A beginner’s guide to data mining



As the technology landscape becomes increasingly contingent on data analytics, the term “data mining” has become a popular buzzword in many corporate circles. Generally, this term refers to “any form of large-scale data or information processing,” including, but not limited to, extraction, analysis, warehousing, and collection.


Here is a quick guide to this relevant and storied process.


How did data mining begin?


Early data mining techniques can be traced back to the 1960s, though such extraction processes have occurred as far back as the 1700s (Bayes’ theorem).
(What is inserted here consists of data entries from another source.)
(* Let $\xi,\eta\in\mathbb R^3$ and suppose that the triangle formed by $\xi,\xi-\eta,\eta$ is non-degenerate in the sense that one of its three corner angles lies in $[2^{-5},\pi-2^{-5}]$, and that $|\Lambda(\zeta)|\ge2^{-5}$ for some $\zeta\in\{\xi,\xi-\eta,\eta\}$. Then $$|\bar\sigma|\sim\min\{|\xi|,|\xi-\eta|,|\eta|\}\cdot\max\{|\xi|,|\xi-\eta|,|\eta|\},$$ with absolute implicit constants.
   Context: $\Lambda(\zeta)=\zeta_3/|\zeta|$. $\bar\sigma=\xi_3\eta_h-\eta_3\xi_h\in\mathbb R^2$, where $\xi=(\xi_h,\xi_3)$, $\eta=(\eta_h,\eta_3)$. $A\sim B$ means $c^{-1}B\le A\le cB$ for an absolute constant $c$. *)

From HB Require Import structures.
From mathcomp Require Import all_boot all_order all_algebra.
From mathcomp Require Import all_classical all_reals all_analysis.
Set Implicit Arguments. Unset Strict Implicit. Unset Printing Implicit Defensive.
Import Order.TTheory GRing.Theory Num.Theory.
Local Open Scope ring_scope.

Section Defs.
Variable R : realType.

Definition dot3 (u v : 'rV[R]_3) : R := \sum_(i < 3) u ord0 i * v ord0 i.
Definition norm3 (u : 'rV[R]_3) : R := Num.sqrt (dot3 u u).

Definition c1 (u : 'rV[R]_3) : R := u ord0 0.
Definition c2 (u : 'rV[R]_3) : R := u ord0 1.
Definition c3 (u : 'rV[R]_3) : R := u ord0 2.

Definition Lambda (z : 'rV[R]_3) : R := c3 z / norm3 z.

(* |sigma_bar| for sigma_bar = xi_3 eta_h - eta_3 xi_h in R^2 *)
Definition sigma_bar_norm (xi eta : 'rV[R]_3) : R :=
  Num.sqrt ((c3 xi * c1 eta - c3 eta * c1 xi) ^+ 2 +
            (c3 xi * c2 eta - c3 eta * c2 xi) ^+ 2).

Definition angle3 (u v : 'rV[R]_3) : R := acos (dot3 u v / (norm3 u * norm3 v)).

Definition good_angle (a : R) (u v : 'rV[R]_3) : Prop :=
  u != 0 /\ v != 0 /\ a <= angle3 u v <= pi - a.

(* Corner angles: at 0 between xi and eta;
   at xi between -xi and eta - xi; at eta between -eta and xi - eta. *)
Definition triangle_nondeg (a : R) (xi eta : 'rV[R]_3) : Prop :=
  good_angle a xi eta \/ good_angle a (- xi) (eta - xi) \/
  good_angle a (- eta) (xi - eta).
End Defs.

(* Write [w] for the cross product of [xi] and [eta]; [sigma_bar] is the
   horizontal part of [w] turned by a right angle, so [|sigma_bar| = |w_h|].
   Any two sides of the triangle have cross product [w] up to sign, so [|w|] is
   at most the product of any two side lengths, in particular at most [m M];
   at a corner with angle in [[a, pi - a]] it is at least [sin a] times the
   product of the two adjacent sides, which is at least [m M / 2] by the
   triangle inequality.  Finally the side [zeta] lies in the plane orthogonal
   to [w], and Bessel's inequality for [e3] against the orthogonal unit vectors
   [zeta / |zeta|] and [w / |w|] gives [|w_h| >= |Lambda zeta| |w|], so [w] is
   far from vertical and [|w_h|] is comparable to [|w|]. *)

From HB Require Import structures.
From mathcomp Require Import all_boot all_order all_algebra.
From mathcomp Require Import all_classical all_reals all_analysis.
From mathcomp Require Import lra ring.
Set Implicit Arguments.
Unset Strict Implicit.
Unset Printing Implicit Defensive.
Import Order.TTheory GRing.Theory Num.Theory.
Local Open Scope ring_scope.

Section MinMax.
Variable R : realDomainType.

Lemma mul_le_2mul (m M x y : R) :
  0 <= m -> m <= x -> m <= y -> M <= x + y -> m * M <= 2 * (x * y).
Proof. by move=> m0 mx my Mxy; nra. Qed.

Lemma le_min3_mul_max3 (a b e X : R) : 0 <= a -> 0 <= b -> 0 <= e ->
  X <= a * b -> X <= a * e -> X <= b * e ->
  X <= Num.min a (Num.min b e) * Num.max a (Num.max b e).
Proof.
move=> a0 b0 e0 Xab Xae Xbe.
by have [be|be] := leP b e; have [ab|ab] := leP a b; have [ae|ae] := leP a e;
  nra.
Qed.

End MinMax.

Section Vectors3.
Variable R : realType.
Implicit Types u v w z : 'rV[R]_3.

Lemma row3P u v : c1 u = c1 v -> c2 u = c2 v -> c3 u = c3 v -> u = v.
Proof.
move=> e1 e2 e3; apply/rowP => -[[|[|[|//]]] i].
- by rewrite (_ : Ordinal i = 0) //; apply: val_inj.
- by rewrite (_ : Ordinal i = 1) //; apply: val_inj.
- by rewrite (_ : Ordinal i = 2) //; apply: val_inj.
Qed.

Lemma dot3E u v : dot3 u v = c1 u * c1 v + c2 u * c2 v + c3 u * c3 v.
Proof.
rewrite /dot3 !big_ord_recr big_ord0 /= add0r /c1 /c2 /c3.
by congr (_ * _ + _ * _ + _ * _); congr (_ _ _); apply: val_inj.
Qed.

Lemma dot3Bl u v w : dot3 (u - v) w = dot3 u w - dot3 v w.
Proof. by rewrite /dot3 -sumrB; apply: eq_bigr => i _; rewrite !mxE mulrBl. Qed.

Lemma dot3_ge0 u : 0 <= dot3 u u.
Proof. by apply: sumr_ge0 => i _; rewrite -expr2 sqr_ge0. Qed.

Lemma dot3_eq0 u : (dot3 u u == 0) = (u == 0).
Proof.
apply/eqP/eqP => [u0|->]; last by rewrite /dot3 big1 // => i _; rewrite mxE mulr0.
apply/rowP => i; apply/eqP; rewrite mxE -sqrf_eq0 expr2; apply/eqP.
by apply: (psumr_eq0P _ u0) => // j _; rewrite -expr2 sqr_ge0.
Qed.

Lemma norm3_ge0 u : 0 <= norm3 u.
Proof. exact: sqrtr_ge0. Qed.

Lemma norm3_sqr u : norm3 u ^+ 2 = dot3 u u.
Proof. exact/sqr_sqrtr/dot3_ge0. Qed.

Lemma norm3_gt0 u : u != 0 -> 0 < norm3 u.
Proof. by rewrite sqrtr_gt0 lt_def dot3_eq0 dot3_ge0 andbT. Qed.

Lemma norm3N u : norm3 (- u) = norm3 u.
Proof.
by rewrite /norm3 /dot3; congr Num.sqrt; apply: eq_bigr => i _; rewrite mxE mulrNN.
Qed.

Lemma norm3B u v : norm3 (u - v) = norm3 (v - u).
Proof. by rewrite -opprB norm3N. Qed.

Definition cross3 u v : 'rV[R]_3 :=
  \row_(i < 3) [:: c2 u * c3 v - c3 u * c2 v; c3 u * c1 v - c1 u * c3 v;
                   c1 u * c2 v - c2 u * c1 v]`_i.

Lemma dot3_cross3 u v :
  dot3 (cross3 u v) (cross3 u v) = dot3 u u * dot3 v v - dot3 u v ^+ 2.
Proof. by rewrite !dot3E /cross3 /c1 /c2 /c3 !mxE /=; ring. Qed.

Lemma dot3_cross3l u v : dot3 u (cross3 u v) = 0.
Proof. by rewrite !dot3E /cross3 /c1 /c2 /c3 !mxE /=; ring. Qed.

Lemma dot3_cross3r u v : dot3 v (cross3 u v) = 0.
Proof. by rewrite !dot3E /cross3 /c1 /c2 /c3 !mxE /=; ring. Qed.

Lemma cross3C u v : cross3 v u = - cross3 u v.
Proof. by apply: row3P; rewrite /cross3 /c1 /c2 /c3 !mxE /=; ring. Qed.

Lemma cross3NB u v : cross3 (- u) (v - u) = - cross3 u v.
Proof. by apply: row3P; rewrite /cross3 /c1 /c2 /c3 !mxE /=; ring. Qed.

Lemma dot3_norm3_le u v : `|dot3 u v| <= norm3 u * norm3 v.
Proof.
rewrite -ler_sqr ?nnegrE ?normr_ge0 ?mulr_ge0 ?norm3_ge0 // real_normK ?num_real //.
by rewrite exprMn !norm3_sqr -subr_ge0 -dot3_cross3 dot3_ge0.
Qed.

Lemma norm3_cross3_le u v : norm3 (cross3 u v) <= norm3 u * norm3 v.
Proof.
rewrite -ler_sqr ?nnegrE ?mulr_ge0 ?norm3_ge0 //.
by rewrite exprMn !norm3_sqr dot3_cross3 gerBl sqr_ge0.
Qed.

Lemma norm3D_le u v : norm3 (u + v) <= norm3 u + norm3 v.
Proof.
rewrite -ler_sqr ?nnegrE ?addr_ge0 ?norm3_ge0 //.
have -> : norm3 (u + v) ^+ 2 = norm3 u ^+ 2 + 2 * dot3 u v + norm3 v ^+ 2.
  by rewrite !norm3_sqr !dot3E /c1 /c2 /c3 !mxE; ring.
have := ler_normlW (dot3_norm3_le u v); nra.
Qed.

Definition hnorm3 u : R := Num.sqrt (c1 u ^+ 2 + c2 u ^+ 2).

Lemma hnorm3_cross3 u v : hnorm3 (cross3 u v) = sigma_bar_norm u v.
Proof.
rewrite /hnorm3 /sigma_bar_norm /cross3 /c1 /c2 /c3 !mxE /=.
by congr Num.sqrt; ring.
Qed.

Lemma hnorm3_le_norm3 u : hnorm3 u <= norm3 u.
Proof. by apply: ler_wsqrtr; rewrite dot3E -!expr2 lerDl sqr_ge0. Qed.

(* [z = 0] is allowed, since [Lambda 0 = 0] (division by zero). *)
Lemma Lambda_norm3_le z w : dot3 z w = 0 -> `|Lambda z| * norm3 w <= hnorm3 w.
Proof.
move=> zw0; have [->|z0] := eqVneq z 0.
  by rewrite /Lambda /c3 mxE mul0r normr0 mul0r sqrtr_ge0.
have z_gt0 := norm3_gt0 z0.
rewrite /Lambda normrM normfV (gtr0_norm z_gt0) mulrAC ler_pdivrMr //.
rewrite -ler_sqr ?nnegrE ?mulr_ge0 ?norm3_ge0 ?sqrtr_ge0 //.
rewrite !exprMn real_normK ?num_real // !norm3_sqr sqr_sqrtr ?addr_ge0 ?sqr_ge0 //.
rewrite -subr_ge0.
have -> : (c1 w ^+ 2 + c2 w ^+ 2) * dot3 z z - c3 z ^+ 2 * dot3 w w =
    (c1 z * c2 w - c2 z * c1 w) ^+ 2 + (dot3 z w - 2 * (c3 z * c3 w)) * dot3 z w.
  by rewrite !dot3E; ring.
by rewrite zw0 mulr0 addr0 sqr_ge0.
Qed.

End Vectors3.

Section Angles.
Variable R : realType.

Lemma le_cos_of_le_acos (a t : R) :
  0 <= a <= pi -> -1 <= t <= 1 -> a <= acos t -> t <= cos a.
Proof.
move=> a_pi t1 le_a; rewrite -[t in t <= _](@acosK R) ?in_itv //=.
by rewrite leNgt ltr_cos ?in_itv /= ?acos_ge0 ?acos_lepi // -leNgt.
Qed.

Lemma abs_le_cos_of_acos (a t : R) :
  0 <= a -> -1 <= t <= 1 -> a <= acos t <= pi - a -> `|t| <= cos a.
Proof.
move=> a0 t1 /andP[lo hi].
have a_pi : 0 <= a <= pi by rewrite a0 /=; have := acos_ge0 t1; lra.
rewrite ler_norml le_cos_of_le_acos // andbT lerNl.
apply: le_cos_of_le_acos => //; first lra.
by rewrite acosN //; lra.
Qed.

Lemma good_angle_norm3_cross3 (a : R) u v : 0 <= a -> good_angle a u v ->
  sin a * (norm3 u * norm3 v) <= norm3 (cross3 u v).
Proof.
move=> a0 [u0 [v0 ang]].
have uv_gt0 : 0 < norm3 u * norm3 v by rewrite mulr_gt0 ?norm3_gt0.
move: ang; rewrite /angle3; set t := dot3 u v / _ => ang.
have dotE : dot3 u v = t * (norm3 u * norm3 v) by rewrite divfK ?gt_eqF.
have t1 : -1 <= t <= 1.
  rewrite -ler_norml normrM normfV (gtr0_norm uv_gt0) ler_pdivrMr //.
  by rewrite mul1r dot3_norm3_le.
have tc := abs_le_cos_of_acos a0 t1 ang.
have sa0 : 0 <= sin a by apply: sin_ge0_pi; have := acos_ge0 t1; lra.
rewrite -ler_sqr ?nnegrE ?mulr_ge0 ?norm3_ge0 // norm3_sqr dot3_cross3 dotE.
clearbody t; rewrite -!norm3_sqr -exprMn !exprMn sin2cos2 -(real_normK (num_real t)).
have t2 : `|t| ^+ 2 <= cos a ^+ 2 by rewrite ler_sqr ?nnegrE // (le_trans _ tc).
have := sqr_ge0 (norm3 u * norm3 v); nra.
Qed.

End Angles.

Section Triangle.
Variable R : realType.
Variables xi eta : 'rV[R]_3.

Let m := Num.min (norm3 xi) (Num.min (norm3 (xi - eta)) (norm3 eta)).
Let M := Num.max (norm3 xi) (Num.max (norm3 (xi - eta)) (norm3 eta)).
Let w := cross3 xi eta.

Lemma dot3_cross3_side z : z \in [:: xi; xi - eta; eta] -> dot3 z w = 0.
Proof.
by rewrite !inE => /or3P[] /eqP->; rewrite ?dot3Bl ?dot3_cross3l ?dot3_cross3r ?subr0.
Qed.

Lemma norm3_cross3_corners :
  norm3 (cross3 (- xi) (eta - xi)) = norm3 w /\
  norm3 (cross3 (- eta) (xi - eta)) = norm3 w.
Proof. by rewrite !cross3NB (cross3C xi eta) opprK !norm3N. Qed.

Lemma norm3_cross3_le_min_max : norm3 w <= m * M.
Proof.
have [wl wr] := norm3_cross3_corners.
apply: le_min3_mul_max3; rewrite ?norm3_ge0 //.
- by have := norm3_cross3_le (- xi) (eta - xi); rewrite wl norm3N norm3B.
- exact: norm3_cross3_le.
- by have := norm3_cross3_le (- eta) (xi - eta); rewrite wr norm3N mulrC.
Qed.

Lemma max_side_le_sum :
  [/\ M <= norm3 xi + norm3 eta, M <= norm3 xi + norm3 (xi - eta) &
      M <= norm3 (xi - eta) + norm3 eta].
Proof.
have t1 : norm3 xi <= norm3 (xi - eta) + norm3 eta.
  by have := norm3D_le (xi - eta) eta; rewrite subrK.
have t2 : norm3 (xi - eta) <= norm3 xi + norm3 eta.
  by have := norm3D_le xi (- eta); rewrite norm3N.
have t3 : norm3 eta <= norm3 xi + norm3 (xi - eta).
  by have := norm3D_le xi (eta - xi); rewrite addrC subrK norm3B.
by rewrite /M !ge_max t1 t2 t3 !lerDl !lerDr !norm3_ge0.
Qed.

Lemma min_side_le :
  [/\ 0 <= m, m <= norm3 xi, m <= norm3 (xi - eta) & m <= norm3 eta].
Proof. by rewrite /m !le_min !ge_min !lexx !norm3_ge0 !orbT. Qed.

Lemma good_angle_min_max_le (a : R) u v : 0 <= a -> good_angle a u v ->
  m <= norm3 u -> m <= norm3 v -> M <= norm3 u + norm3 v ->
  sin a * (m * M) <= 2 * norm3 (cross3 u v).
Proof.
move=> a0 ang mu mv Muv; have [m0 _ _ _] := min_side_le.
have sa0 : 0 <= sin a.
  by apply: sin_ge0_pi; case: ang => _ [_ /andP[lo hi]]; rewrite a0 /=; lra.
apply: le_trans (ler_wpM2l sa0 (mul_le_2mul m0 mu mv Muv)) _.
by rewrite mulrCA ler_wpM2l // good_angle_norm3_cross3.
Qed.

Lemma triangle_nondeg_min_max_le (a : R) : 0 <= a -> triangle_nondeg a xi eta ->
  sin a * (m * M) <= 2 * norm3 w.
Proof.
have [wl wr] := norm3_cross3_corners; have [Mxe Mxd Mde] := max_side_le_sum.
have [_ mx md me] := min_side_le.
move=> a0 [ang|[ang|ang]].
- exact: good_angle_min_max_le.
- rewrite -wl; apply: good_angle_min_max_le;
    by rewrite ?norm3N ?[norm3 (eta - xi)]norm3B.
- by rewrite -wr; apply: good_angle_min_max_le; rewrite ?norm3N // addrC.
Qed.

End Triangle.

Theorem lemma6p2 (R : realType) :
  exists c : R, 1 <= c /\
  forall xi eta : 'rV[R]_3,
    triangle_nondeg (2^-5) xi eta ->
    (exists2 zeta, zeta \in [:: xi; xi - eta; eta] & 2^-5 <= `|Lambda zeta|) ->
    let m := Num.min (norm3 xi) (Num.min (norm3 (xi - eta)) (norm3 eta)) in
    let M := Num.max (norm3 xi) (Num.max (norm3 (xi - eta)) (norm3 eta)) in
    c^-1 * (m * M) <= sigma_bar_norm xi eta <= c * (m * M).
Proof.
pose a : R := 2^-5.
have a_gt0 : 0 < a by rewrite invr_gt0 exprn_gt0.
have a_le1 : a <= 1 by rewrite /a invf_le1 ?exprn_gt0 // exprn_ege1 // ler1n.
have sa_gt0 : 0 < sin a by apply: sin_gt0_pi; have := pi_ge2 R; lra.
have c_ge1 : 1 <= 2 / (a * sin a).
  by rewrite ler_pdivlMr ?mulr_gt0 // mul1r; have := sin_le1 a; nra.
exists (2 / (a * sin a)); split => //.
move=> xi eta nondeg [z z_side Lz] /=.
have w_le := norm3_cross3_le_min_max xi eta.
have w_ge := triangle_nondeg_min_max_le (ltW a_gt0) nondeg.
have h_ge : a * norm3 (cross3 xi eta) <= hnorm3 (cross3 xi eta).
  apply: le_trans (Lambda_norm3_le (dot3_cross3_side z_side)).
  by rewrite ler_wpM2r ?norm3_ge0.
rewrite -hnorm3_cross3.
set m := Num.min _ _ in w_le w_ge *; set M := Num.max _ _ in w_le w_ge *.
set w := cross3 xi eta in w_le w_ge h_ge *.
apply/andP; split.
  rewrite invf_div mulrAC ler_pdivrMr // -mulrA.
  apply: le_trans (ler_wpM2l (ltW a_gt0) w_ge) _.
  by rewrite mulrCA mulrC ler_wpM2r.
have mM_ge0 : 0 <= m * M := le_trans (norm3_ge0 w) w_le.
apply: le_trans (hnorm3_le_norm3 w) _; apply: le_trans w_le _.
exact: ler_peMl.
Qed.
Statisticians initially coined terms like “data fishing” and “data dredging” to dismiss mining as a bad practice lacking an a-priori hypothesis. Later terms to describe the process included “data archaeology” and “information harvesting.” It was not until the early 1990s that “data mining” became the general catch-all term for such practices.


In the 1943, Warren McCulloch and Walter Pitts became the first people to create a conceptual model of a neural network, illustrating their findings in a paper titled “A logical calculus of the ideas immanent in nervous activity.” The paper essentially boiled down to three major findings: neurons in a network are able to “receive inputs, process inputs, and generate output.”


McCulloch and Walter’s findings were later implemented in sophisticated database management systems during the 1970s. It then became possible to “store and query terabytes and petabytes of data,” moving users away from a transaction-based data mindset and towards a more analytical one.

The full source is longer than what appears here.